La localisation du follicule détermine l’effet de la DHT, pas la quantité d’hormone produite. Deux hommes avec le même taux de DHT peuvent avoir des résultats radicalement différents sur le visage.
Pilosité faciale et origine ethnique : des variations génétiques documentées
On constate des différences marquées de pilosité faciale entre populations, et elles n’ont rien à voir avec la virilité ou la santé. Les hommes d’Asie de l’Est, par exemple, présentent en moyenne une densité de follicules faciaux actifs nettement inférieure à celle des hommes d’ascendance méditerranéenne ou moyen-orientale.

Le gène EDAR, mentionné plus haut, illustre bien ce phénomène. Certaines variantes de ce gène, plus fréquentes dans les populations est-asiatiques, sont associées à des cheveux plus épais mais à une pilosité faciale réduite. L’épaisseur des cheveux et la densité de la barbe ne sont pas corrélées : on peut avoir des cheveux très denses et un visage quasiment glabre.
Ces variations s’expliquent par des pressions de sélection différentes au fil des millénaires. Les retours varient sur ce point parmi les chercheurs, certains privilégiant la sélection sexuelle, d’autres des facteurs climatiques ou sociaux. Ce qui est établi, c’est que l’absence de barbe n’indique aucun déficit hormonal dans la grande majorité des cas.

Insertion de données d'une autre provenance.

(* Let $n\ge 2$ be an integer, $k,c_b>0$, $\rho_0>0$, and let $\lambda_{1,0},\dots,\lambda_{n,0}$ be real numbers with $\lambda_{1,0}=\cdots=\lambda_{J,0}<\lambda_{J+1,0}\le\cdots\le\lambda_{n,0}$ for some integer $1\le J\le n$. Consider the system $$\lambda_i'=-\lambda_i^2+\frac{k}{n}(\rho-c_b)\ (i=1,\dots,n),\qquad \rho'=-\rho\lambda,\quad \lambda=\sum_{i=1}^n\lambda_i,\qquad \rho(0)=\rho_0,\ \lambda_i(0)=\lambda_{i,0},$$ suppose its maximal interval of existence is $[0,t_B)$ with $0<t_B<\infty$, and let $u_i(t)=e^{\int_0^t\lambda_i(s)\,ds}$. Then for every $J<j\le n$ the functions $u_1'u_j$ and $u_1u_j'$ are bounded on $[0,t_B)$, and $\lim_{t\to t_B^-}u_1(t)u_j(t)=0$.
   Context: Solutions are real-valued and continuously differentiable on $[0,t_B)$. *)

From Stdlib Require Import Reals.
From Coquelicot Require Import Coquelicot.
Open Scope R_scope.

(* Indices of lambda run over 1..n (lam : nat -> R -> R; values at other indices irrelevant). *)
Definition lam_sum (n : nat) (lam : nat -> R -> R) (t : R) : R :=
  sum_f_R0 (fun i => lam (S i) t) (pred n).

Definition is_sol (n : nat) (k cb rho0 : R) (lam0 : nat -> R) (T : R)
    (lam : nat -> R -> R) (rho : R -> R) : Prop :=
  rho 0 = rho0 /\
  (forall i, (1 <= i <= n)%nat -> lam i 0 = lam0 i) /\
  filterlim rho (at_right 0) (locally rho0) /\
  (forall i, (1 <= i <= n)%nat -> filterlim (lam i) (at_right 0) (locally (lam0 i))) /\
  (forall t, 0 < t < T ->
     (forall i, (1 <= i <= n)%nat ->
        is_derive (lam i) t (- (lam i t) ^ 2 + k / INR n * (rho t - cb))) /\
     is_derive rho t (- rho t * lam_sum n lam t)).

Definition maximal_sol (n : nat) (k cb rho0 : R) (lam0 : nat -> R) (tB : R)
    (lam : nat -> R -> R) (rho : R -> R) : Prop :=
  is_sol n k cb rho0 lam0 tB lam rho /\
  forall T, tB < T ->
    ~ (exists (lam' : nat -> R -> R) (rho' : R -> R),
          is_sol n k cb rho0 lam0 T lam' rho' /\
          forall t, 0 <= t < tB ->
            rho' t = rho t /\ forall i, (1 <= i <= n)%nat -> lam' i t = lam i t).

Âge, santé et facteurs qui retardent la pousse de barbe
La génétique pose le cadre, mais le calendrier de la barbe varie considérablement d’un homme à l’autre. Certains atteignent leur densité maximale de barbe avant 20 ans, d’autres continuent à voir de nouveaux poils terminaux apparaître jusqu’à la trentaine.

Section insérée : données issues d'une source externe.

(* In the setting of the context, there is a constant $c(\beta)$ such that the following holds: for all configurations $\sigma,\sigma'\in\Omega$ (depending on $n$) with $\bm S(\sigma)=\bm S(\sigma')$, there is a coupling $(\sigma_t,\sigma'_t)_{t\ge0}$ of two Glauber dynamics started at $\sigma$ and $\sigma'$ such that, with $\tau:=\min\{t\ge0:\sigma_t=\sigma'_t\}$, \[ \limsup_{n\to\infty}\mathbb P_{\sigma,\sigma'}\big(\tau>c(\beta)\,n\log n\big)=0. \]
   Context: Fix $m\ge1$, proportions $p_1,\dots,p_m>0$ with $\sum_ip_i=1$, a symmetric matrix $\mathbf K=(k_{ij})$ with all $k_{ij}>0$, and any inverse temperature $\beta\ge0$; $n$ ranges over positive integers with $np_i\in\mathbb N$. The vertex set $V=\{1,\dots,n\}$ is partitioned into blocks $G_1,\dots,G_m$ with $|G_i|=np_i$; for $v\in G_i,w\in G_j$ put $K(v,w)=k_{ij}/n$. The Glauber dynamics on $\Omega=\{-1,+1\}^V$ picks at each step a uniform random vertex $v$ and sets its spin to $\pm1$ with probability $\frac{1\pm\tanh(\beta S^v)}2$, $S^v=\sum_{w\ne v}K(v,w)\sigma(w)$. For $\sigma\in\Omega$, $\bm S(\sigma)=(S^{(1)}(\sigma),\dots,S^{(m)}(\sigma))$ with $S^{(i)}(\sigma)=\frac1n\sum_{v\in G_i}\sigma(v)$. *)

From mathcomp Require Import all_boot all_order all_algebra.
From mathcomp Require Import all_classical all_reals all_analysis.
Set Implicit Arguments. Unset Strict Implicit. Unset Printing Implicit Defensive.
Import Order.TTheory GRing.Theory Num.Theory.
Local Open Scope ring_scope.

Section Glauber.
Variable R : realType.

Definition tanhR (x : R) : R := (expR x - expR (- x)) / (expR x + expR (- x)).

(* configurations on V = {0,...,n-1}; true encodes spin +1, false spin -1 *)
Definition Omega (n : nat) := {ffun 'I_n -> bool}.
Definition spin n (s : Omega n) (v : 'I_n) : R := if s v then 1 else -1.

Definition admissible m (p : 'I_m -> R) (n : nat) : Prop :=
  (0 < n)%N /\ forall i, exists k : nat, n%:R * p i = k%:R.

(* blk : V -> {1..m} assigns each vertex its block; |G_i| = n p_i *)
Definition block_sizes_ok m (p : 'I_m -> R) n (blk : 'I_n -> 'I_m) : Prop :=
  forall i, #|[set v | blk v == i]|%:R = n%:R * p i.

Definition Kint m (k : 'I_m -> 'I_m -> R) n (blk : 'I_n -> 'I_m) (v w : 'I_n) : R :=
  k (blk v) (blk w) / n%:R.

Definition local_field m k n (blk : 'I_n -> 'I_m) (s : Omega n) (v : 'I_n) : R :=
  \sum_(w | w != v) Kint k blk v w * spin s w.

Definition magnetization m n (blk : 'I_n -> 'I_m) (s : Omega n) (i : 'I_m) : R :=
  (\sum_(v | blk v == i) spin s v) / n%:R.

(* one-step transition probability of the Glauber dynamics:
   choose v uniformly, set sigma(v) = +-1 w.p. (1 +- tanh(beta S^v))/2 *)
Definition glauber_P m k (beta : R) n (blk : 'I_n -> 'I_m) (s s' : Omega n) : R :=
  \sum_(v : 'I_n)
     (if [forall w, (w != v) ==> (s' w == s w)] then
        n%:R^-1 * ((1 + (if s' v then 1 else -1) * tanhR (beta * local_field k blk s v)) / 2)
      else 0).

Definition traj n (T : nat) := {ffun 'I_T.+1 -> Omega n}.

Definition path_law m k (beta : R) n (blk : 'I_n -> 'I_m) (s0 : Omega n) T (a : traj n T) : R :=
  (if a ord0 == s0 then 1 else 0) *
  \prod_(t < T) glauber_P k beta blk (a (widen_ord (leqnSn T) t)) (a (lift ord0 t)).

Definition is_coupling m k (beta : R) n (blk : 'I_n -> 'I_m) (s0 s0' : Omega n) T
    (mu : traj n T * traj n T -> R) : Prop :=
  [/\ forall ab, 0 <= mu ab,
      forall a, \sum_(b : traj n T) mu (a, b) = path_law k beta blk s0 a
    & forall b, \sum_(a : traj n T) mu (a, b) = path_law k beta blk s0' b].

(* P(tau > T) where tau = min{t : sigma_t = sigma'_t} *)
Definition prob_not_met n T (mu : traj n T * traj n T -> R) : R :=
  \sum_(ab : traj n T * traj n T | [forall t, ab.1 t != ab.2 t]) mu ab.

Definition horizon (c : R) (n : nat) : nat := Num.truncn (c * n%:R * ln (n%:R : R)).

End Glauber.

Arguments spin {R n}.
Arguments magnetization {R m n}.

(* If x and y have the same block magnetizations, some
   block-preserving permutation t of the sites carries x onto y (y (t u) = x u) and fixes
   every site where x and y agree.  The coupled step updates site v in the first chain and
   site t v in the second with the same spin; the two local fields coincide, so each
   marginal is a Glauber step, and the magnetizations stay equal.  Every spin probability is
   at least eta / 2 with eta = exp (- 2 beta sum_ij k_ij), so a disagreeing site v is chosen
   with probability 1/n and then, with probability at least eta / 2, both v and t v come to
   agree: the expected Hamming distance contracts by 1 - eta / n per step.  After
   T = (2 / eta) n log n steps it is at most e / n, and P (tau > T) <= P (x_T <> y_T) is
   bounded by it. *)

From mathcomp Require Import all_boot all_order all_algebra.
From mathcomp Require Import all_classical all_reals all_analysis.
From mathcomp Require Import ring lra.
From mathcomp Require Import fingroup perm.
Import Order.TTheory GRing.Theory Num.Theory.
Local Open Scope ring_scope.

Set Implicit Arguments. Unset Strict Implicit. Unset Printing Implicit Defensive.

Section FfunCons.
Variable X : finType.
Implicit Types T : nat.

Definition fcons T (x : X) (a : {ffun 'I_T -> X}) : {ffun 'I_T.+1 -> X} :=
  [ffun i => if unlift ord0 i is Some j then a j else x].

Plusieurs facteurs non génétiques peuvent retarder ou limiter la pousse :
- Un stress chronique perturbe l’axe hormonal et peut ralentir la conversion des follicules en poils terminaux.
- Des carences nutritionnelles (zinc, biotine, fer) affectent la qualité du poil sans nécessairement modifier le taux de testostérone.

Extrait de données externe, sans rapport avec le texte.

(* For every 5-complex number $u$, $$e^u=e_+e^{v_+}+e^{v_1}\left(e_1\cos\tilde v_1+\tilde e_1\sin\tilde v_1\right)+e^{v_2}\left(e_2\cos\tilde v_2+\tilde e_2\sin\tilde v_2\right),$$ where $e^u=\sum_{n\ge0}u^n/n!$.
   Context: A 5-complex number is $u=x_0+h_1x_1+h_2x_2+h_3x_3+h_4x_4$ with real $x_j$, with componentwise addition and the commutative associative bilinear multiplication determined by $h_jh_k=h_{(j+k)\bmod 5}$, $h_0=1$. Canonical variables: $v_+=\sum_jx_j$ and, for $k=1,2$, $v_k=\sum_jx_j\cos(2\pi kj/5)$, $\tilde v_k=\sum_jx_j\sin(2\pi kj/5)$. Canonical basis (with $h_0=1$): $e_+=\frac15\sum_{j=0}^4h_j$, and for $k=1,2$: $e_k=\frac25\sum_{j=0}^4\cos(2\pi kj/5)h_j$, $\tilde e_k=\frac25\sum_{j=0}^4\sin(2\pi kj/5)h_j$. *)

From mathcomp Require Import all_boot all_order all_algebra.
From mathcomp Require Import all_classical all_reals all_analysis.
Set Implicit Arguments. Unset Strict Implicit. Unset Printing Implicit Defensive.
Import Order.TTheory GRing.Theory Num.Theory.
Local Open Scope ring_scope.

Section Cx5.
Variable R : realType.

(* A 5-complex number u = x_0 + h_1 x_1 + ... + h_4 x_4 is represented by
   its coordinate function j |-> x_j (j : 'I_5). *)
Definition cx5 := 'I_5 -> R.

Definition cx5_h (j : 'I_5) : cx5 := fun i => if i == j then 1 else 0.

Definition cx5_one : cx5 := cx5_h ord0.

(* bilinear multiplication with h_j h_l = h_{(j+l) mod 5} *)
Definition cx5_mul (u w : cx5) : cx5 :=
  fun k => \sum_(j < 5) \sum_(l < 5)
             (if ((j + l) %% 5)%N == (k : nat) then u j * w l else 0).

Definition cx5_pow (u : cx5) (n : nat) : cx5 := iter n (cx5_mul u) cx5_one.

Definition ang (k j : nat) : R := 2 * pi * k%:R * j%:R / 5.

Definition vplus (u : cx5) : R := \sum_(j < 5) u j.
Definition vk (k : nat) (u : cx5) : R := \sum_(j < 5) u j * cos (ang k j).
Definition tvk (k : nat) (u : cx5) : R := \sum_(j < 5) u j * sin (ang k j).

Definition eplus : cx5 := fun j => 1 / 5.
Definition ek (k : nat) : cx5 := fun j => 2 / 5 * cos (ang k j).
Definition tek (k : nat) : cx5 := fun j => 2 / 5 * sin (ang k j).

Definition cx5_exp_rhs (u : cx5) : cx5 := fun j =>
  eplus j * expR (vplus u)
  + expR (vk 1 u) * (ek 1 j * cos (tvk 1 u) + tek 1 j * sin (tvk 1 u))
  + expR (vk 2 u) * (ek 2 j * cos (tvk 2 u) + tek 2 j * sin (tvk 2 u)).

End Cx5.

(* The characters chi_k(u) = sum_j x_j w^(kj), with w = exp(2 pi i/5), are
   multiplicative, since h_j |-> w^(kj) respects h_j h_l = h_((j+l) mod 5); their
   real and imaginary parts are the canonical variables.  As e_+, e_k, e~_k is the
   basis dual to the canonical variables (because the fifth roots of unity sum to
   0, i.e. cos(2pi/5) + cos(4pi/5) = -1/2), the j-th coordinate of u^n is a fixed
   linear combination of v_+^n and of the real and imaginary parts of chi_k(u)^n.
   So it suffices to sum the exponential series of a complex number a + ib: its
   partial sums E_N differ from E_N(a) E_N(ib) by a Cauchy-product defect that is
   dominated termwise by E_N(|a|) E_N(|b|) - E_N(|a| + |b|), which tends to 0
   because expR is multiplicative, while the real and imaginary parts of E_N(ib)
   are the partial sums of the cosine and sine series. *)

From mathcomp Require Import all_boot all_order all_algebra.
From mathcomp Require Import all_classical all_reals all_analysis.
From mathcomp Require Import complex ring lra.
Set Implicit Arguments. Unset Strict Implicit. Unset Printing Implicit Defensive.
Import Order.TTheory GRing.Theory Num.Theory.
Import numFieldNormedType.Exports.
Local Open Scope ring_scope.
Local Open Scope classical_set_scope.
Local Open Scope complex_scope.

Section FifthRootsOfUnity.
Variable R : realType.
Implicit Types (x y : R) (k j n : nat).

Definition expi x : R[i] := cos x +i* sin x.

Lemma expiD x y : expi (x + y) = expi x * expi y.
Proof. by rewrite /expi cosD sinD; simpc; rewrite [sin x * _ + _]addrC. Qed.

Lemma expiMn x n : expi (x *+ n) = expi x ^+ n.
Proof.
elim: n => [|n IHn]; first by rewrite mulr0n /expi cos0 sin0.
by rewrite mulrS expiD IHn exprS.
Qed.

Lemma ang_natmul k j : ang R k j = ang R 1 1 *+ (k * j).
Proof. by rewrite /ang -[RHS]mulr_natr natrM; ring. Qed.

Lemma ang_mul k j : ang R k j = ang R 1 (k * j).
Proof. by rewrite ang_natmul [RHS]ang_natmul mul1n. Qed.

Lemma ang_1_5 : ang R 1 5 = pi *+ 2.
Proof. by rewrite /ang -[RHS]mulr_natr; field. Qed.

Definition omega : R[i] := expi (ang R 1 1).

Lemma omegaX n : omega ^+ n = expi (ang R 1 n).
Proof. by rewrite /omega -expiMn [in RHS]ang_natmul mul1n. Qed.

Lemma omega5 : omega ^+ 5 = 1.
Proof. by rewrite omegaX ang_1_5 /expi cos2pi sin2pi. Qed.

Lemma omega_neq1 : omega != 1.
Proof.
apply/eqP => /(congr1 (@complex.Im R)) /= /eqP; rewrite gt_eqF //.
rewrite /ang sin_gt0_pi //; have := pi_gt0 R; rewrite mulr1; lra.
Qed.

Lemma sum_omegaX : \sum_(i < 5) omega ^+ i = 0.
Proof.
apply/eqP; have /eqP := subrX1 omega 5.
by rewrite omega5 subrr eq_sym mulf_eq0 subr_eq0 (negbTE omega_neq1).
Qed.

Lemma cos_ang_mod n : cos (ang R 1 (n %% 5)) = cos (ang R 1 n).
Proof. by have := congr1 (@complex.Re R) (expr_mod n omega5); rewrite !omegaX. Qed.

Lemma cos_ang_sub5 n : (n <= 5)%N -> cos (ang R 1 (5 - n)) = cos (ang R 1 n).
Proof.
move=> le_n5; rewrite (_ : ang R 1 (5 - n) = pi *+ 2 - ang R 1 n).
  by rewrite cosB cos2pi sin2pi; ring.
by rewrite -ang_1_5 /ang natrB //; ring.
Qed.

Lemma cos_ang_sum : 1 + 2 * cos (ang R 1 1) + 2 * cos (ang R 1 2) = 0.
Proof.
have := congr1 (@complex.Re R) sum_omegaX.
rewrite raddf_sum; under eq_bigr => i _ do rewrite omegaX.
have c3 := @cos_ang_sub5 2 isT; have c4 := @cos_ang_sub5 1 isT.
rewrite !big_ord_recr big_ord0 /= c3 c4 [ang R 1 0]/ang !mulr0 mul0r cos0; lra.
Qed.

(* j + 5 - m rather than j - m, to avoid truncated subtraction. *)
Lemma cos_angB k (j m : 'I_5) :
  cos (ang R k j - ang R k m) = cos (ang R 1 ((k * (j + 5 - m)) %% 5)).
Proof.
rewrite cos_ang_mod -ang_mul.
have -> : ang R k (j + 5 - m) = ang R k j - ang R k m + (pi *+ 2) *+ k.
  have le_m5 : (m <= j + 5)%N by rewrite ltnW // ltn_addl.
  rewrite /ang natrB // natrD -[(pi *+ 2) *+ k]mulr_natr -[pi *+ 2]mulr_natr.
  by field.
by rewrite periodicn //; apply: cosD2pi.
Qed.

Lemma canonical_basis_dual (j m : 'I_5) :
  eplus R j + ek R 1 j * cos (ang R 1 m) + tek R 1 j * sin (ang R 1 m)
  + ek R 2 j * cos (ang R 2 m) + tek R 2 j * sin (ang R 2 m) = (j == m)%:R.
Proof.
transitivity (1 / 5 + 2 / 5 * cos (ang R 1 j - ang R 1 m)
                    + 2 / 5 * cos (ang R 2 j - ang R 2 m)).
  by rewrite !cosB /eplus /ek /tek; ring.
have c0 : cos (ang R 1 0) = 1 by rewrite /ang !mulr0 mul0r cos0.
have c3 := @cos_ang_sub5 2 isT; have c4 := @cos_ang_sub5 1 isT.
have := cos_ang_sum.
by rewrite !cos_angB; case: j m => [[|[|[|[|[|?]]]]] ?] [[|[|[|[|[|?]]]]] ?] //=;
  rewrite ?c0 ?c3 ?c4; lra.
Qed.

End FifthRootsOfUnity.

Section Characters.
Variable R : realType.
Implicit Types (u w : cx5 R) (k n : nat).

Definition chi k u : R[i] := \sum_(j < 5) (u j)%:C * omega R ^+ (k * j).

Lemma sum_ord5_mod (V : nmodType) n (F : 'I_5 -> V) :
  \sum_(m < 5) (if (n %% 5)%N == m then F m else 0) = F (inZp n).
Proof.
by rewrite -big_mkcond (big_pred1 (inZp n)) // => m; rewrite eq_sym.
Qed.

Lemma chi_mul k u w : chi k (cx5_mul u w) = chi k u * chi k w.
Proof.
have omegaXk5 : (omega R ^+ k) ^+ 5 = 1 by rewrite exprAC omega5 expr1n.
rewrite /chi /cx5_mul mulr_suml.
under eq_bigr => m _ do rewrite rmorph_sum mulr_suml.
rewrite exchange_big; apply: eq_bigr => j _; rewrite mulr_sumr.
under eq_bigr => m _ do rewrite rmorph_sum mulr_suml.
rewrite exchange_big; apply: eq_bigr => l _.
rewrite (eq_bigr (fun m : 'I_5 => if ((j + l) %% 5)%N == m
                    then (u j * w l)%:C * omega R ^+ (k * m) else 0)); last first.
  by move=> m _; case: ifP; rewrite ?rmorph0 ?mul0r.
rewrite sum_ord5_mod /= rmorphM exprM expr_mod // -exprM mulnDr exprD; ring.
Qed.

- Certains troubles endocriniens, comme un hypogonadisme, réduisent effectivement la production de testostérone et donc de DHT. Ces cas restent minoritaires et relèvent d’un diagnostic médical.
- L’hypothyroïdie peut aussi ralentir la croissance pileuse de manière globale, barbe comprise.
On entend souvent que se raser stimule la repousse. C’est faux. Le rasage coupe le poil à la surface de la peau sans modifier le follicule ni son activité. Un poil rasé paraît plus épais parce que sa pointe est coupée net, mais sa densité et sa vitesse de croissance restent identiques.

Pour un homme de moins de 25 ans avec une barbe clairsemée, la patience reste la première recommandation concrète. Les follicules faciaux peuvent mettre plusieurs années après la puberté pour atteindre leur plein potentiel de conversion. Passer à des solutions médicamenteuses comme le minoxidil topique avant d’avoir laissé le temps au développement naturel revient à traiter un problème qui n’en est peut-être pas un.
La pilosité faciale est avant tout une affaire de patrimoine génétique, de sensibilité locale des récepteurs et de temps. Un visage sans barbe à 22 ans ne préjuge en rien de ce qu’il sera à 30 ans, ni de l’état de santé général.